Sunday, September 12, 2010

A Ghostly Cosmic Pinwheel

Mystery pinwheel in Pegasus

After looking at 20 years' worth of fabulous pictures from the Hubble Space Telescope, you might get the feeling that each new release is a variation on a theme you've seen before: a supernova remnant, interacting galaxies, new stars cocooned in their placental nebulas, and so on.

But this is something different!

The dim spiral in this image is almost spooky in its perfect symmetry. The view was captured several years ago by HST's Advanced Camera for Surveys, but a few days ago it came to light (ouch! pun alert!) on a European website devoted to Hubble's discoveries.

"So what is it?" you ask.

First, I can tell you that it's real (not an artifact), it's about 3,000 light-years away in Pegasus, and it's not associated with the bright foreground star to its right.

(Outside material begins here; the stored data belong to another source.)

Definition Lfun2_cV {d} {T : measurableType d} {R : realType} (P : probability T R)
    {n} (V : T -> 'cV[R]_n) : Prop :=
  forall j, (fun w => V w j 0) \in Lfun P 2%:E.

Section covariance_matrix.
Context d (T : measurableType d) (R : realType) (P : probability T R).
Variables (m : nat) (U : T -> 'cV[R]_m).
Hypothesis U2 : Lfun2_cV P U.

Lemma Lfun2_cV_add n (V W : T -> 'cV[R]_n) :
  Lfun2_cV P V -> Lfun2_cV P W -> Lfun2_cV P (fun w => V w + W w).
Proof.
move=> V2 W2 j; rewrite (_ : (fun _ => _) = (fun w => V w j 0) + (fun w => W w j 0)).
  by rewrite rpredD ?lee1n.
by apply/funext => w; rewrite mxE.
Qed.

Lemma Lfun2_cV_opp n (V : T -> 'cV[R]_n) :
  Lfun2_cV P V -> Lfun2_cV P (fun w => - V w).
Proof.
move=> V2 j; rewrite (_ : (fun _ => _) = - (fun w => V w j 0)).
  by rewrite rpredN.
by apply/funext => w; rewrite mxE.
Qed.

Lemma Lfun2_cV_mulmx n k (M : 'M[R]_(k, n)) (V : T -> 'cV[R]_n) :
  Lfun2_cV P V -> Lfun2_cV P (fun w => M *m V w).
Proof.
move=> V2 j; rewrite (_ : (fun _ => _) = (fun w => \sum_k M j k * V w k 0)).
  exact: Lfun2_sum.
by apply/funext => w; rewrite mxE.
Qed.

Lemma covmxDr n (V W : T -> 'cV[R]_n) : Lfun2_cV P V -> Lfun2_cV P W ->
  covmx P U (fun w => V w + W w) = covmx P U V + covmx P U W.
Proof.
move=> V2 W2; apply/matrixP => i j; rewrite !mxE -fine_covarianceDr //.
congr (fine (covariance _ _ _)).
by apply/funext => w /=; rewrite mxE.
Qed.

Lemma covmx_mulmxr n k (M : 'M[R]_(k, n)) (V : T -> 'cV[R]_n) : Lfun2_cV P V ->
  covmx P U (fun w => M *m V w) = covmx P U V *m M^T.
Proof.
move=> V2; apply/matrixP => i j; rewrite !mxE.
rewrite (_ : (fun w => (M *m V w) j 0) = (fun w => \sum_k M j k * V w k 0)); last first.
  by apply/funext => w; rewrite mxE.
rewrite fine_covariance_sumr //; apply: eq_bigr => l _.
by rewrite !mxE mulrC.
Qed.

Lemma covvecDr (Y Z : T -> R) : Y \in Lfun P 2%:E -> Z \in Lfun P 2%:E ->
  covvec P U (fun w => Y w + Z w) = covvec P U Y + covvec P U Z.
Proof.
by move=> Y2 Z2; apply/matrixP => i j; rewrite !mxE -fine_covarianceDr.
Qed.

Lemma Lfun2_cV_dot n (V : T -> 'cV[R]_n) (b : 'cV[R]_n) : Lfun2_cV P V ->
  (fun w => ((V w)^T *m b) 0 0) \in Lfun P 2%:E.
Proof.
move=> V2; rewrite (_ : (fun _ => _) = (fun w => \sum_k b k 0 * V w k 0)).
  exact: Lfun2_sum.
by apply/funext => w; rewrite mxE; apply: eq_bigr => k _; rewrite mxE mulrC.
Qed.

Second, the feature itself is designated IRAS 23166+1655, which signifies that it was spotted by the Infrared Astronomical Satellite in 1983.

"So what is it?"

It's not a spiral galaxy but rather what astronomers call a pre-planetary nebula, created when an aging, swollen star starts to shed its outer layers into space — the beginning of its death throes. In this case the shedder is an extreme carbon star, one fortified with so much carbon that there's a sooty deposit in its photosphere thick enough to block the visible light trying escape from underneath. Astronomers only know a star is there because it's still hot and thus glowing brightly in the infrared.

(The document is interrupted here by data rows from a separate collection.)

(* Let $K\subseteq\mathbb{R}^n$ be a closed convex cone that is facially exposed, and let $F$ be a face of $K$ with $F=\operatorname{cone}\{p_1,p_2\}=\{\alpha p_1+\beta p_2:\alpha,\beta\ge0\}$ for some linearly independent $p_1,p_2\in\mathbb{R}^n$. Then $K^*+F^\perp$ is closed.
   Context: $\mathbb{R}^n$ is identified with its dual. A face of $K$ is a closed convex $F\subseteq K$ such that $x\in F$, $y,z\in K$, $x\in(y,z)$ imply $y,z\in F$; it is exposed if $F=K\cap H$ for some supporting hyperplane $H$; $K$ is facially exposed if every nonempty face $F\ne K$ is exposed. $K^*=\{s:\langle s,x\rangle\ge0\ \forall x\in K\}$, $F^\perp=\{s:\langle s,x\rangle=0\ \forall x\in F\}$. *)

From mathcomp Require Import all_boot.
From Stdlib Require Import Reals.
Open Scope R_scope.

Definition vec (n : nat) := 'I_n -> R.

Definition vzero {n} : vec n := fun _ => 0.
Definition vadd {n} (x y : vec n) : vec n := fun i => x i + y i.
Definition vscale {n} (a : R) (x : vec n) : vec n := fun i => a * x i.
Definition vsub {n} (x y : vec n) : vec n := fun i => x i - y i.

(* Standard inner product (R^n identified with its dual). *)
Definition inner {n} (x y : vec n) : R := \big[Rplus/0]_(i < n) (x i * y i).

Definition norm {n} (x : vec n) : R := sqrt (inner x x).

Definition is_closed {n} (S : vec n -> Prop) : Prop :=
  forall x, (forall eps, 0 < eps -> exists y, S y /\ norm (vsub x y) < eps) -> S x.

Definition is_convex {n} (S : vec n -> Prop) : Prop :=
  forall x y t, S x -> S y -> 0 <= t <= 1 ->
    S (vadd (vscale t x) (vscale (1 - t) y)).

Definition is_convex_cone {n} (K : vec n -> Prop) : Prop :=
  K vzero /\
  (forall x y, K x -> K y -> K (vadd x y)) /\
  (forall a x, 0 <= a -> K x -> K (vscale a x)).

Definition is_closed_convex_cone {n} (K : vec n -> Prop) : Prop :=
  is_convex_cone K /\ is_closed K.

Definition subset {n} (A B : vec n -> Prop) : Prop := forall x, A x -> B x.
Definition set_eq {n} (A B : vec n -> Prop) : Prop := forall x, A x <-> B x.

Definition in_open_segment {n} (x y z : vec n) : Prop :=
  exists t, 0 < t < 1 /\ x = vadd (vscale t y) (vscale (1 - t) z).

Definition is_face {n} (K F : vec n -> Prop) : Prop :=
  subset F K /\ is_closed F /\ is_convex F /\
  forall x y z, F x -> K y -> K z -> in_open_segment x y z -> F y /\ F z.

Definition exposed_face {n} (K F : vec n -> Prop) : Prop :=
  exists (s : vec n) (b : R),
    s <> vzero /\
    (forall x, K x -> b <= inner s x) /\
    set_eq F (fun x => K x /\ inner s x = b).

Definition facially_exposed {n} (K : vec n -> Prop) : Prop :=
  forall F, is_face K F -> (exists x, F x) -> ~ set_eq F K -> exposed_face K F.

Definition dual_cone {n} (K : vec n -> Prop) : vec n -> Prop :=
  fun s => forall x, K x -> 0 <= inner s x.

Definition perp {n} (F : vec n -> Prop) : vec n -> Prop :=
  fun s => forall x, F x -> inner s x = 0.

Definition minkowski_sum {n} (A B : vec n -> Prop) : vec n -> Prop :=
  fun z => exists a b, A a /\ B b /\ z = vadd a b.

Definition cone2 {n} (p1 p2 : vec n) : vec n -> Prop :=
  fun x => exists a b, 0 <= a /\ 0 <= b /\ x = vadd (vscale a p1) (vscale b p2).

Definition lin_indep2 {n} (p1 p2 : vec n) : Prop :=
  forall a b, vadd (vscale a p1) (vscale b p2) = vzero -> a = 0 /\ b = 0.

(* Since F is a face spanned by p1 and p2, its extreme rays cone{p1} and
   cone{p2} are faces of K as well; facial exposedness then yields, for each
   of them, a functional in K* vanishing on that ray and positive on the other
   generator.  Rescaled, these give y1, y2 in K* with <yi, pj> = delta_ij.
   Every limit point z of K* + F^perp satisfies <z, pi> >= 0, so
   y := <z, p1> y1 + <z, p2> y2 lies in K* and z - y lies in F^perp. *)

From Pilot Require Import Defs.
From HB Require Import structures.
From mathcomp Require Import all_boot.
From Stdlib Require Import Reals Lra FunctionalExtensionality Classical.
Open Scope R_scope.

HB.instance Definition _ :=
  Monoid.isComLaw.Build R 0 Rplus
    (fun a b c => esym (Rplus_assoc a b c)) Rplus_comm Rplus_0_l.

Ltac vec_eq :=
  apply: functional_extensionality => ?; rewrite /vadd /vsub /vscale /vzero; ring.

Definition in_closure {n} (P : vec n -> Prop) (x : vec n) : Prop :=
  forall eps, 0 < eps -> exists y, P y /\ norm (vsub x y) < eps.

Definition ray {n} (p : vec n) : vec n -> Prop :=
  fun x => exists c, 0 <= c /\ x = vscale c p.

Section InnerProduct.
Context {n : nat}.
Implicit Types x y z : vec n.

Lemma inner_comm x y : inner x y = inner y x.
Proof. by apply: eq_bigr => i _; ring. Qed.

Lemma inner_addl x y z : inner (vadd x y) z = inner x z + inner y z.
Proof.
apply: (big_rec3 (fun a b c => a = b + c)); first ring.
by move=> i a b c _ ->; rewrite /vadd; ring.
Qed.

Lemma inner_subl x y z : inner (vsub x y) z = inner x z - inner y z.
Proof.
apply: (big_rec3 (fun a b c => a = b - c)); first ring.
by move=> i a b c _ ->; rewrite /vsub; ring.
Qed.

Lemma inner_scalel a x z : inner (vscale a x) z = a * inner x z.
Proof.
apply: (big_rec2 (fun b c => b = a * c)); first ring.
by move=> i b c _ ->; rewrite /vscale; ring.
Qed.

Lemma inner_zerol z : inner vzero z = 0.
Proof. by apply: (big_rec (fun b => b = 0)) => // i b _ ->; rewrite /vzero; ring. Qed.

Lemma inner_addr x y z : inner z (vadd x y) = inner z x + inner z y.
Proof. by rewrite !(inner_comm z) inner_addl. Qed.

Lemma inner_scaler a x z : inner z (vscale a x) = a * inner z x.
Proof. by rewrite !(inner_comm z) inner_scalel. Qed.

Lemma inner_zeror z : inner z vzero = 0.
Proof. by rewrite inner_comm inner_zerol. Qed.

Lemma sqr_coord_le_inner x i : x i * x i <= inner x x.
Proof.
rewrite /inner (bigD1 i) //= -{1}[x i * x i]Rplus_0_r.
apply: Rplus_le_compat_l.
by apply: (big_rec (fun b => 0 <= b)) => [|j b _ Hb]; nra.
Qed.

Lemma inner_gt0 {x} : x <> vzero -> 0 < inner x x.
Proof.
move=> x_nz; have [i xi_nz] : exists i, x i <> 0.
  apply: NNPP => all0; apply: x_nz; apply: functional_extensionality => i.
  by apply: NNPP => xi_nz; apply: all0; exists i.
by have := sqr_coord_le_inner x i; nra.
Qed.

Lemma abs_coord_le_norm x i : Rabs (x i) <= norm x.
Proof.
rewrite -sqrt_Rsqr_abs; apply: sqrt_le_1_alt; exact: sqr_coord_le_inner.
Qed.

Lemma abs_inner_le x p :
  Rabs (inner x p) <= norm x * \big[Rplus/0]_(i < n) Rabs (p i).
Proof.
apply: (big_rec2 (fun a b => Rabs a <= norm x * b)).
  by rewrite Rabs_R0 Rmult_0_r; lra.
move=> i a b _ IH.
have := abs_coord_le_norm x i; have := Rabs_triang (x i * p i) a.
have := Rabs_pos (p i); have := Rabs_pos (x i); rewrite Rabs_mult; nra.
Qed.

End InnerProduct.

Section Closure.
Context {n : nat}.
Implicit Types (P : vec n -> Prop) (z p : vec n).

Lemma in_closure_inner {P z} p :
  in_closure P z -> forall d, 0 < d -> exists y, P y /\ Rabs (inner z p - inner y p) < d.
Proof.
move=> Pz d d_gt0.
set M := \big[Rplus/0]_(i < n) Rabs (p i).
have M_ge0 : 0 <= M.
  apply: (big_rec (fun b => 0 <= b)) => [|i b _ Hb]; first lra.
  by have := Rabs_pos (p i); lra.
have [y [Py zy_small]] := Pz (d / (M + 1)) ltac:(apply: Rdiv_lt_0_compat; lra).
exists y; split => //; rewrite -inner_subl.
have := abs_inner_le (vsub z y) p; rewrite -/M.
have : norm (vsub z y) * (M + 1) < d.
  have := Rmult_lt_compat_r (M + 1) _ _ ltac:(lra) zy_small.
  by rewrite /Rdiv Rmult_assoc Rinv_l; lra.
have := sqrt_pos (inner (vsub z y) (vsub z y)); rewrite -/(norm _); nra.
Qed.

Lemma in_closure_inner_ge0 {P z p} :
  in_closure P z -> (forall y, P y -> 0 <= inner y p) -> 0 <= inner z p.
Proof.
move=> Pz P_ge0; apply: Rnot_lt_le => z_lt0.
have [y [Py Hy]] := in_closure_inner p Pz (- inner z p) ltac:(lra).
have := P_ge0 y Py; have := Rle_abs (- (inner z p - inner y p)).
by rewrite Rabs_Ropp; lra.
Qed.

Lemma in_closure_inner_eq0 {P z p} :
  in_closure P z -> (forall y, P y -> inner y p = 0) -> inner z p = 0.
Proof.
move=> Pz P_eq0; apply: NNPP => z_nz.
have [y [Py Hy]] := in_closure_inner p Pz _ (Rabs_pos_lt _ z_nz).
by rewrite (P_eq0 y Py) Rminus_0_r in Hy; lra.
Qed.

Lemma in_closure_sub {P S : vec n -> Prop} {z} :
  is_closed S -> Defs.subset P S -> in_closure P z -> S z.
Proof.
move=> S_closed PS Pz; apply: S_closed => eps eps_gt0.
by have [y [Py Hy]] := Pz eps eps_gt0; exists y; split => //; apply: PS.
Qed.

End Closure.

Section TwoGenerators.
Context {n : nat} (p1 p2 : vec n).

Lemma cone2_l : cone2 p1 p2 p1.
Proof. by exists 1, 0; do 2 (split; first lra); vec_eq. Qed.

Lemma cone2_r : cone2 p1 p2 p2.
Proof. by exists 0, 1; do 2 (split; first lra); vec_eq. Qed.

Lemma cone2C : set_eq (cone2 p1 p2) (cone2 p2 p1).
Proof. by move=> x; split=> -[a [b [Ha [Hb ->]]]]; exists b, a; do 2 split => //; vec_eq. Qed.

Lemma ray_sub_cone2 : Defs.subset (ray p2) (cone2 p1 p2).
Proof. by move=> x [c [Hc ->]]; exists 0, c; split; [lra | split => //; vec_eq]. Qed.

End TwoGenerators.

Section TwoIndependentGenerators.
Context {n : nat} {p1 p2 : vec n}.
Hypothesis indep : lin_indep2 p1 p2.

Lemma lin_indep2C : lin_indep2 p2 p1.
Proof.
move=> a b E; have [? ?] : b = 0 /\ a = 0 by apply: indep; rewrite -E; vec_eq.
by split.
Qed.

Lemma lin_indep2_coef_inj a b c d :
  vadd (vscale a p1) (vscale b p2) = vadd (vscale c p1) (vscale d p2) ->
  a = c /\ b = d.
Proof.
move=> E; have [? ?] : a - c = 0 /\ b - d = 0.
  apply: indep; apply: functional_extensionality => i.
  by have := f_equal (fun f => f i) E; rewrite /vadd /vscale /vzero; lra.
by split; lra.
Qed.

Lemma lin_indep2_neq0r : p2 <> vzero.
Proof.
move=> p2_0; have [_] : 0 = 0 /\ 1 = 0 by apply: indep; rewrite p2_0; vec_eq.
lra.
Qed.

Lemma notin_ray_l : ~ ray p2 p1.
Proof.
move=> [c [_ E]]; have [] : 1 = 0 /\ 0 = c by apply: lin_indep2_coef_inj; rewrite -E; vec_eq.
lra.
Qed.

Lemma orth_functional : exists q, inner q p2 = 0 /\ inner q p1 <> 0.
Proof.
set q := vsub (vscale (inner p2 p2) p1) (vscale (inner p1 p2) p2).
have q_p2 : inner q p2 = 0 by rewrite /q inner_subl !inner_scalel (inner_comm p1); ring.
have q_nz : q <> vzero.
  move=> q0; have [p22_0 _] : inner p2 p2 = 0 /\ - inner p1 p2 = 0.
    by apply: indep; rewrite -q0 /q; vec_eq.
  by have := inner_gt0 lin_indep2_neq0r; lra.
have q_q : inner q q = inner p2 p2 * inner q p1.
  by rewrite {1}/q inner_subl !inner_scalel (inner_comm p1) (inner_comm p2) q_p2; ring.
exists q; split => // q_p1; have := inner_gt0 q_nz; rewrite q_q q_p1; lra.
Qed.

End TwoIndependentGenerators.

Section ExtremeRayOfTwoDimensionalFace.
Context {n : nat} {K F : vec n -> Prop} {p1 p2 : vec n}.
Hypotheses (F_face : is_face K F) (indep : lin_indep2 p1 p2)
  (F_cone2 : set_eq F (cone2 p1 p2)).

Let ray_sub_F : Defs.subset (ray p2) F.
Proof. by move=> x /(ray_sub_cone2 p1) /F_cone2. Qed.

Lemma ray_closed : is_closed (ray p2).
Proof.
move=> z z_cl; have [q [q_p2 q_p1]] := orth_functional indep.
have /F_cone2 [a [b [Ha [Hb z_ab]]]] : F z.
  by apply: in_closure_sub z_cl => //; case: F_face => _ [].
have : inner z q = 0.
  apply: (in_closure_inner_eq0 z_cl) => _ [c [_ ->]].
  by rewrite inner_scalel (inner_comm p2) q_p2 Rmult_0_r.
rewrite inner_comm z_ab inner_addr !inner_scaler q_p2 => qz.
have a0 : a = 0 by apply: NNPP => a_nz; apply: q_p1; nra.
by exists b; split => //; rewrite a0; vec_eq.
Qed.

Lemma ray_face : is_face K (ray p2).
Proof.
have [FK [_ [_ F_ext]]] := F_face.
split; first by move=> x /ray_sub_F /FK.
split; first exact: ray_closed.
split.
  move=> x y t [c [Hc ->]] [d [Hd ->]] Ht.
  by exists (t * c + (1 - t) * d); split; [nra | vec_eq].
move=> x y z x_ray Ky Kz seg.
have [/F_cone2 [a1 [b1 [Ha1 [Hb1 Ey]]]] /F_cone2 [a2 [b2 [Ha2 [Hb2 Ez]]]]] :=
  F_ext x y z (ray_sub_F x x_ray) Ky Kz seg.
have [c [_ Ex]] := x_ray; have [t [Ht Es]] := seg.
have [Ha _] : t * a1 + (1 - t) * a2 = 0 /\ t * b1 + (1 - t) * b2 = c.
  by apply: (lin_indep2_coef_inj indep); rewrite -Ex Es Ey Ez; vec_eq.
have [a1_0 a2_0] : a1 = 0 /\ a2 = 0 by split; nra.
by split; [exists b1 | exists b2]; split => //;
  [rewrite Ey a1_0 | rewrite Ez a2_0]; vec_eq.
Qed.

(* The ray contains 0, so the hyperplane exposing it passes through the origin
   and its normal lies in K*. *)
Lemma dual_cone_coord_functional :
  facially_exposed K -> exists y, dual_cone K y /\ inner y p1 = 1 /\ inner y p2 = 0.
Proof.
move=> K_exposed.
have ray0 : ray p2 vzero by exists 0; split; [lra | vec_eq].
have ray_p2 : ray p2 p2 by exists 1; split; [lra | vec_eq].
have K_p1 : K p1 by case: F_face => FK _; apply/FK/F_cone2/cone2_l.
have [s [b [_ [s_ge_b s_exposes]]]] : exposed_face K (ray p2).
  apply: K_exposed; [exact: ray_face | by exists vzero |].
  by move=> E; apply: (notin_ray_l indep); apply/E.
have b0 : b = 0 by have [_ <-] := proj1 (s_exposes vzero) ray0; rewrite inner_zeror.
subst b.
have [_ s_p2] := proj1 (s_exposes p2) ray_p2.
have s_p1 : 0 < inner s p1.
  case/Rle_lt_or_eq_dec: (s_ge_b p1 K_p1) => // E.
  by case: (notin_ray_l indep); apply/s_exposes.
exists (vscale (/ inner s p1) s); rewrite !inner_scalel s_p2; split; last first.
  by split; [field|]; lra.
move=> x Kx; rewrite inner_scalel; apply: Rmult_le_pos; last exact: s_ge_b.
by apply/Rlt_le/Rinv_0_lt_compat.
Qed.

End ExtremeRayOfTwoDimensionalFace.

Lemma dual_plus_perp_ge0 {n} {K F : vec n -> Prop} {p y : vec n} :
  Defs.subset F K -> F p -> minkowski_sum (dual_cone K) (perp F) y -> 0 <= inner y p.
Proof.
move=> FK Fp [a [b [Ka [Fb ->]]]].
by rewrite inner_addl (Fb p Fp) Rplus_0_r; apply: Ka; apply: FK.
Qed.

Theorem propositionA3 (n : nat) (K F : vec n -> Prop) (p1 p2 : vec n) :
  is_closed_convex_cone K ->
  facially_exposed K ->
  is_face K F ->
  lin_indep2 p1 p2 ->
  set_eq F (cone2 p1 p2) ->
  is_closed (minkowski_sum (dual_cone K) (perp F)).
Proof.
(* Facial structure alone suffices: K need not be a closed convex cone. *)
move=> _ K_exposed F_face indep F_cone2.
have [y1 [y1_dual [y1_p1 y1_p2]]] :=
  dual_cone_coord_functional F_face indep F_cone2 K_exposed.
have F_cone2C : set_eq F (cone2 p2 p1) by move=> x; rewrite F_cone2 cone2C.
have [y2 [y2_dual [y2_p2 y2_p1]]] :=
  dual_cone_coord_functional F_face (lin_indep2C indep) F_cone2C K_exposed.
have FK : Defs.subset F K by case: F_face.
have F_p1 : F p1 by apply/F_cone2/cone2_l.
have F_p2 : F p2 by apply/F_cone2/cone2_r.
move=> z z_cl.
have z_p1 := in_closure_inner_ge0 z_cl (fun _ => dual_plus_perp_ge0 FK F_p1).
have z_p2 := in_closure_inner_ge0 z_cl (fun _ => dual_plus_perp_ge0 FK F_p2).
set y := vadd (vscale (inner z p1) y1) (vscale (inner z p2) y2).
exists y, (vsub z y); split; last split; last by vec_eq.
  move=> x Kx; rewrite /y inner_addl !inner_scalel.
  by have := y1_dual x Kx; have := y2_dual x Kx; nra.
move=> x /F_cone2 [a [b [_ [_ ->]]]].
rewrite inner_addr !inner_scaler !inner_subl /y !inner_addl !inner_scalel.
by rewrite y1_p1 y1_p2 y2_p1 y2_p2; ring.
Qed.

"But why the spiral shape?"

This isn't just any old spiral; it's a perfect fit to an Archimedean spiral, something like a jet of water coming from a spinning lawn sprinkler.

The source of this pinwheel turns out to be part of a binary system, as revealed by near-infrared images taken with the Keck II telescope. As it spews matter into space, the dying star is also slowly twirling around an unseen companion.

Observers estimate that the ejected jet is moving outward at roughly 30,000 miles (50,000 km) per hour. Knowing that, and the angular spacing between successive rings (about 4½ arcseconds), observers conclude that they're spaced about 800 years apart. That is, if you took up a stationary position near the star, one of the outward-moving spiral's arms would sweep past you every 800 years.

As it turns out, the orbital period of the binary is also about 800 years. Consistent results!

Interestingly, the pinwheel is glowing faintly, but not from the stars hidden inside it. When Mark Morris (University of California, Los Angeles) and others took stock of this remarkable image in 2006, they concluded that the illumination source isn't the 12th-magnitude foreground star at the right — more likely we're seeing this ghostly pinwheel thanks to the combined glow of stars in the galactic plane.

If you want to explore the science behind this cosmic curiosity, here is the analysis by Morris's team, and here is a link to some work by Nicolas Mauron (CNRS, France) and Patrick Huggins (New York University).

Or you can skip the science and just be a little patient. "We have a much deeper HST observation with the new Wide Field Camera 3 now scheduled for this object in early October," Morris mentioned in an email, "so we're very excited about that."